The Lake District has to be on your England bucket list. The mountainous Lake District National Park covers much of Cumbria and includes England’s highest mountain, Scafell Pike. It’s home to 16 major lakes, and countless smaller ones and tarns. Of the places you must visit in north west England, the Lake District is unmissable.

Windermere, the largest lake in England, is the most famous. It’s an amazing place to visit and a must for Beatrix Potter fans. But be warned: in summer, it’s overrun with tourists, which is why I recommend basing yourself in Keswick.

The market town of Keswick sits in the north of the Lake District, hemmed in by Derwent Water to the south and Bassenthwaite Lake to the north. Interestingly, Bassenthwaite Lake is the only lake in the Lake District with ‘lake’ in its name.

Keswick’s most famous attraction is Derwent Pencil Museum. As niche as it sounds, it’s surprisingly interesting. And when in the Lake District, you absolutely must go on a boat trip on Derwent Water. Derwent Water is stunning, tranquil and a wander along its shores is always calming. Star Wars fans might recognize Derwent Water: the lake and surrounding areas were the filming location for Takodana in The Force Awakens.

The Lake District is great for outdoor activities. There are plenty of options for water sports and hiking whichever way you turn. One of my favourite activities in Ghyll Scrambling.

There’s an endless array of hotels nearby to suit all budgets. Crow Park Hotel is best for views of Derwent Water whilst the Royal Oak and Keswick Park Hotel are the most centrally located. Keswick is not on the rail network, which is one of the reasons it doesn’t see as many visitors as Windermere; however, access by bus is very easy. Buses run from all over Cumbria, with frequent services to Penrith train station.

Clitheroe & The Forest of Bowland

Another of the North England’s hidden gems is the Forest of Bowland which covers a large area of Lancashire and a small part of North Yorkshire. Often described as one of England’s last areas of wilderness, the forest has been left undeveloped and nature allowed to rule.

The small town of Clitheroe is a handy place to base yourself to explore the forest. The name Clitheroe, which understandably is the butt of many jokes, actually comes from the Anglo Saxon word Clyderhowe, meaning a ‘rocky hill’. So if anyone sniggers when you tell them you’re going to Clitheroe, you can rebuke them with knowledge.

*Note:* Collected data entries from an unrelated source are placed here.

Lemma rank_diag_mx n (d : 'rV[C]_n) :
  \rank (diag_mx d) = #|[pred l | d 0 l != 0]|.
Proof.
rewrite -sum1_card big_mkcond /=.
elim: n d => [|n IHn] d; first by rewrite [diag_mx d]flatmx0 mxrank0 big_ord0.
set dl := lsubmx (d : 'rV_(1 + n)); set dr := rsubmx (d : 'rV_(1 + n)).
have -> : diag_mx d = block_mx (diag_mx dl) 0 0 (diag_mx dr).
  by rewrite -diag_mx_row hsubmxK.
rewrite (rank_diag_block_mx (diag_mx dl) (diag_mx dr)) IHn rank_rV big_ord_recl.
congr (_ + _)%N; last first.
  apply: eq_bigr => i _; rewrite !inE !mxE.
  by congr (if d 0 _ != 0 then _ else _); apply: val_inj.
rewrite inE; have -> : d 0 ord0 = dl 0 0 by rewrite mxE; congr (d 0 _); apply: val_inj.
have -> : (diag_mx dl == 0) = (dl 0 0 == 0).
  apply/eqP/eqP => [/matrixP/(_ 0 0)|dl0]; first by rewrite !mxE.
  move: dl0; rewrite mxE => dl0.
  by apply/matrixP => i j; rewrite !ord1 !mxE dl0 mul0rn.
by case: (dl 0 0 == 0).
Qed.

Lemma orth_proj_trace n (P : 'M[C]_n) : orth_proj_mx P -> \tr P = (\rank P)%:R.
Proof.
move=> [PP adjP]; set U := spectralmx P; set Y := spectral_diag P.
have unitU : U \is unitarymx := spectral_unitarymx P.
have defP : P = adjmx U *m diag_mx Y *m U := hermitian_spectral adjP.
have YY : diag_mx Y *m diag_mx Y = diag_mx Y.
  have [_ U'U] := unitarymx_adj unitU.
  rewrite -(unitary_conjK unitU (diag_mx Y)) -defP !mulmxA.
  by rewrite -[_ *m adjmx U *m U]mulmxA U'U mulmx1 -[U *m P *m P]mulmxA PP.
rewrite defP mxtrace_unitary_conj // mxrank_unitary_conj // rank_diag_mx.
rewrite mxtrace_diag -sum1_card natr_sum [RHS]big_mkcond /=.
apply: eq_bigr => l _.
move/matrixP/(_ l l): YY; rewrite mulmx_diag !mxE eqxx !mulr1n inE.
have [-> //|nz] := eqVneq (Y 0 l) 0.
by move=> YYl; apply: (mulIf nz); rewrite mul1r.
Qed.

Lemma mulmx_adj_diag n (U : 'M[C]_n) (d : 'rV[C]_n) :
  adjmx U *m diag_mx d *m U = \sum_l d 0 l *: outermx (row l U).
Proof.
apply/matrixP => i j; rewrite summxE mxE; apply: eq_bigr => l _.
by rewrite [in RHS]mxE outermxE mul_mx_diag !mxE mulrCA mulrA.
Qed.

Lemma psd_spectral_diag_ge0 n (A : 'M[C]_n) :
  psd_mx A -> forall l, 0 <= spectral_diag A 0 l.
Proof.
move=> [adjA psdA] l; set U := spectralmx A.
have /unitary_conjK UAU := spectral_unitarymx A.
(* The l-th eigenvalue is the value of the form of A at the l-th row of U. *)
have := psdA (adjmx (row l U)); rewrite adjmxK.
suff -> : (row l U *m A *m adjmx (row l U)) 0 0 = diag_mx (spectral_diag A) l l.
  by rewrite mxE eqxx mulr1n.
rewrite -(UAU (diag_mx _)) -hermitian_spectral // !mxE.
apply: eq_bigr => t _; rewrite !mxE; congr (_ * _).
by apply: eq_bigr => s _; rewrite !mxE.
Qed.

Lemma psd_sum_outer n (A : 'M[C]_n) : psd_mx A ->
  exists s : seq 'rV[C]_n,
    [/\ ortho_seq s, A = \sum_(z <- s) outermx z & size s = \rank A].
Proof.
move=> psdA; have [adjA _] := psdA.
set U := spectralmx A; set d := spectral_diag A.
have unitU : U \is unitarymx := spectral_unitarymx A.
have defA : A = adjmx U *m diag_mx d *m U := hermitian_spectral adjA.
pose z l := sqrtC (d 0 l) *: row l U.
have outer_z l : outermx (z l) = d 0 l *: outermx (row l U).
  have d_ge0 : 0 <= d 0 l := psd_spectral_diag_ge0 psdA l.
  by rewrite outermxZ conj_Creal ?ger0_real ?sqrtC_ge0 // -expr2 sqrtCK.
exists [seq z l | l <- enum [pred l | d 0 l != 0]]; split.
- rewrite pairwise_map; apply: (sub_pairwise (r := [rel x y | x != y])).
    move=> p q /= neq_pq; rewrite linearZl linearZr /=.
    by rewrite (row_unitarymxP unitU) (negbTE neq_pq) !mulr0.
  by rewrite -uniq_pairwise enum_uniq.
- rewrite big_map big_enum /= {1}defA mulmx_adj_diag [RHS]big_mkcond /=.
  by apply: eq_bigr => l _; rewrite inE outer_z; case: eqP => // ->; rewrite scale0r.
- by rewrite size_map -cardE defA mxrank_unitary_conj // rank_diag_mx.
Qed.

End Spectral.

Section SquaredNorm.
Variables (R : rcfType) (n : nat).
Implicit Types (u v w z : 'rV[R[i]]_n).

Lemma conj_real_complex (x : R) : x%:C^* = x%:C.
Proof. by apply/conj_Creal/complex_realP; exists x. Qed.

Definition sqnorm z : R := complex.Re (dotmx z z).

Lemma dotmx_sqnorm z : dotmx z z = (sqnorm z)%:C.
Proof. by rewrite RRe_real // ger0_real // dnorm_ge0. Qed.

Lemma sqnorm_ge0 z : 0 <= sqnorm z.
Proof. by rewrite -ler0c -dotmx_sqnorm dnorm_ge0. Qed.

Lemma sqnorm0 : sqnorm 0 = 0.
Proof. by rewrite /sqnorm linear0l. Qed.

Lemma sqnormZ (c : R) z : sqnorm (c%:C *: z) = c ^+ 2 * sqnorm z.
Proof.
apply: (@complexI R); rewrite -dotmx_sqnorm linearZl linearZr /= dotmx_sqnorm.
by rewrite conj_real_complex rmorphM rmorphXn mulrA expr2.
Qed.

Lemma sqnormN z : sqnorm (- z) = sqnorm z.
Proof. by rewrite /sqnorm linearNl linearNr /= opprK. Qed.

Lemma sqnormD u v : dotmx u v = 0 -> sqnorm (u + v) = sqnorm u + sqnorm v.
Proof.
move=> uv0; apply: (@complexI R).
by rewrite -dotmx_sqnorm dnormD /= uv0 conjC0 !addr0 !dotmx_sqnorm rmorphD.
Qed.

Lemma rotate_orthogonal_pair z1 z2 :
  1 < sqnorm z1 -> sqnorm z2 < 1 -> dotmx z1 z2 = 0 ->
  exists v w, [/\ sqnorm v = 1, sqnorm w = sqnorm z1 + sqnorm z2 - 1,
    outermx z1 + outermx z2 = outermx v + outermx w &
    forall u, dotmx z1 u = 0 -> dotmx z2 u = 0 -> dotmx w u = 0].
Proof.
move=> z1_gt1 z2_lt1 o12.
have [x [y [xy sq_v sq_w]]] := rotation_coefficients z1_gt1 (sqnorm_ge0 z2) z2_lt1.
have ortho_comb (c d : R) : dotmx (c%:C *: z1) (d%:C *: z2) = 0.
  by rewrite linearZl linearZr /= o12 !mulr0.
have ortho_combN : dotmx (y%:C *: z1) (- (x%:C *: z2)) = 0.
  by rewrite linearNr /= ortho_comb oppr0.
exists (x%:C *: z1 + y%:C *: z2), (y%:C *: z1 - x%:C *: z2); split.
- by rewrite (sqnormD (ortho_comb _ _)) !sqnormZ sq_v.
- by rewrite (sqnormD ortho_combN) sqnormN !sqnormZ sq_w.
- have := @outermx_rot _ _ x%:C y%:C z1 z2; rewrite !conj_real_complex => -> //.
  by rewrite -!expr2 -!(rmorphXn (real_complex R)) -rmorphD xy.
- by move=> u z1u z2u; rewrite linearBl !linearZl /= z1u z2u !mulr0 subr0.
Qed.

End SquaredNorm.

Section Decomposition.
Variables (R : rcfType) (n : nat).
Implicit Types (s : seq 'rV[R[i]]_n).

Section InductionStep.
Variable k : nat.
Hypothesis IHk : forall s, ortho_seq s -> \sum_(z <- s) sqnorm z = k%:R ->
  (size s <= k)%N -> proj_sum (\sum_(z <- s) outermx z).

Lemma proj_sum_step_unit s z : z \in s -> sqnorm z = 1 -> ortho_seq s ->
    \sum_(u <- s) sqnorm u = k.+1%:R -> (size s <= k.+1)%N ->
  proj_sum (\sum_(u <- s) outermx u).
Proof.
move=> zs z_eq1 os sum_s size_s; have perm_s := perm_to_rem zs.
have := pairwise_rem (@dotmx_eq0_sym _ n) zs os.
rewrite pairwise_cons => /andP[_ os'].
rewrite (perm_big _ perm_s) big_cons /=; apply: proj_sum_outerD.
  by rewrite dotmx_sqnorm z_eq1.
apply: IHk os' _ _; last by move: size_s; rewrite size_rem //; case: (size s).
apply: (@addrI _ 1); move: sum_s.
rewrite (perm_big _ perm_s) big_cons z_eq1 => ->.
by rewrite -natr1 addrC.
Qed.

Lemma proj_sum_step_rotate s z1 z2 : z1 \in s -> z2 \in rem z1 s ->
    1 < sqnorm z1 -> sqnorm z2 < 1 -> ortho_seq s ->
    \sum_(u <- s) sqnorm u = k.+1%:R -> (size s <= k.+1)%N ->
  proj_sum (\sum_(u <- s) outermx u).
Proof.
move=> z1s z2s z1_gt1 z2_lt1 os sum_s size_s; set t := rem z2 (rem z1 s).
have perm_s : perm_eq s [:: z1, z2 & t].
  by rewrite (permPl (perm_to_rem z1s)) perm_cons perm_to_rem.
have := pairwise_rem (@dotmx_eq0_sym _ n) z1s os.
rewrite pairwise_cons => /andP[/allP o1 os1].
have := pairwise_rem (@dotmx_eq0_sym _ n) z2s os1.
rewrite pairwise_cons => /andP[/allP o2 ot].
have [v [w [v_unit w_sqnorm rot ow]]] :=
  rotate_orthogonal_pair z1_gt1 z2_lt1 (eqP (o1 _ z2s)).
rewrite (perm_big _ perm_s) !big_cons /= addrA rot -addrA.
apply: proj_sum_outerD; first by rewrite dotmx_sqnorm v_unit.
have -> : outermx w + \sum_(u <- t) outermx u = \sum_(u <- w :: t) outermx u.
  by rewrite big_cons.
apply: IHk; last by move: size_s; rewrite (perm_size perm_s).
- rewrite pairwise_cons ot andbT; apply/allP => u ut; apply/eqP/ow; apply/eqP.
    by apply: o1; apply: mem_rem ut.
  exact: o2.
- move: sum_s; rewrite (perm_big _ perm_s) !big_cons /= w_sqnorm => sum_s.
  by rewrite -[k%:R](addrK 1) natr1 -sum_s; ring.
Qed.

End InductionStep.

Lemma proj_sum_orthogonal_outer k s :
  ortho_seq s -> \sum_(z <- s) sqnorm z = k%:R ->
  (size s <= k)%N -> proj_sum (\sum_(z <- s) outermx z).
Proof.
elim: k s => [|k IHk] s os sum_s size_s.
  move: size_s; rewrite leqn0 size_eq0 => /eqP->.
  by rewrite big_nil; apply: proj_sum0.
have [/hasP[z zs /eqP z_eq1]|no1] := boolP (has (fun z => sqnorm z == 1) s).
  exact: (proj_sum_step_unit IHk zs z_eq1).
have s_neq_nil : s != [::].
  apply/eqP => s_nil; move: sum_s.
  by rewrite s_nil big_nil => /esym/eqP; rewrite pnatr_eq0.
have [/hasP[z1 z1s z1_gt1]|nogt] := boolP (has (fun z => 1 < sqnorm z) s); last first.
  have sqnorm_lt1 z : z \in s -> sqnorm z < 1.
    by move=> zs; rewrite lt_neqAle (hasPn no1) // leNgt (hasPn nogt).
  by have := sum_lt_size s_neq_nil sqnorm_lt1; rewrite sum_s ltr_nat ltnNge size_s.
have z1_neq0 : z1 != 0 by apply: contraTneq z1_gt1 => ->; rewrite sqnorm0 ltr10.
have [size_le|size_gt] := leqP (size s) k.
  (* With at most k members, a zero vector can play the member of weight < 1. *)
  have -> : \sum_(z <- s) outermx z = \sum_(z <- 0 :: s) outermx z.
    by rewrite big_cons outermx0 add0r.
  apply: (proj_sum_step_rotate IHk (z1 := z1) (z2 := 0)) => //.
  - by rewrite inE z1s orbT.
  - by rewrite /= eq_sym (negbTE z1_neq0) mem_head.
  - by rewrite sqnorm0 ltr01.
  - by rewrite pairwise_cons os andbT; apply/allP => u _; rewrite linear0l.
  - by rewrite big_cons sqnorm0 add0r.
have [/hasP[z2 z2s z2_lt1]|nolt] := boolP (has (fun z => sqnorm z < 1) (rem z1 s)).
  exact: (proj_sum_step_rotate IHk z1s z2s).
have sqnorm_gt1 z : z \in s -> 1 < sqnorm z.
  rewrite (perm_mem (perm_to_rem z1s)) inE => /predU1P[-> //|zs1].
  rewrite ltNge le_eqVlt (negbTE (hasPn no1 _ (mem_rem zs1))).
  by rewrite (negbTE (hasPn nolt _ zs1)).
by have := size_lt_sum s_neq_nil sqnorm_gt1; rewrite sum_s ltr_nat ltnNge size_gt.
Qed.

The town has plenty of amenities, including some top restaurants. Dilraj is one of my favorite Indian restaurants of all time. The choice of hotels is excellent too. Upscale boutique 1823 Spinning Block is the top recommendation and offers surprisingly good value.

For a traditional English coaching inn experience, book a room at the Swan and Royal. It’s worth booking your Clitheroe hotel well in advance as rooms do sell out quickly here.

The Forest of Bowland is all about exploration, so get out into the hills and valleys and discover the beauty for yourself. Hike, bike or drive – however you decide to explore, you won’t be disappointed. Make time to stop in Slaidburn, a picturesque, grey stone village in the heart of the forest.

Despite the region’s remoteness, trains run hourly between Clitheroe and Rochdale via Manchester. The forest is also served by local bus services which connect Clitheroe with Slaidburn and Settle in the Yorkshire Dales.

Planning your Adventure to the North West of England

Many travelers try to see as much of the UK as possible in one visit, and that almost always involves passing through the North of England. A great itinerary is to do a circular trip from London, journeying up the east coast and going back down the west coast.

This is a great way to see the country, and allows you to combine your England visit with a trip to Glasgow or further afield. If you do this, make sure to spend some time in Edinburgh, and when you do, check out our suggestions for a day in Scotland’s capital. This way, you’ll also get to experience the best of the North West and the North East of England.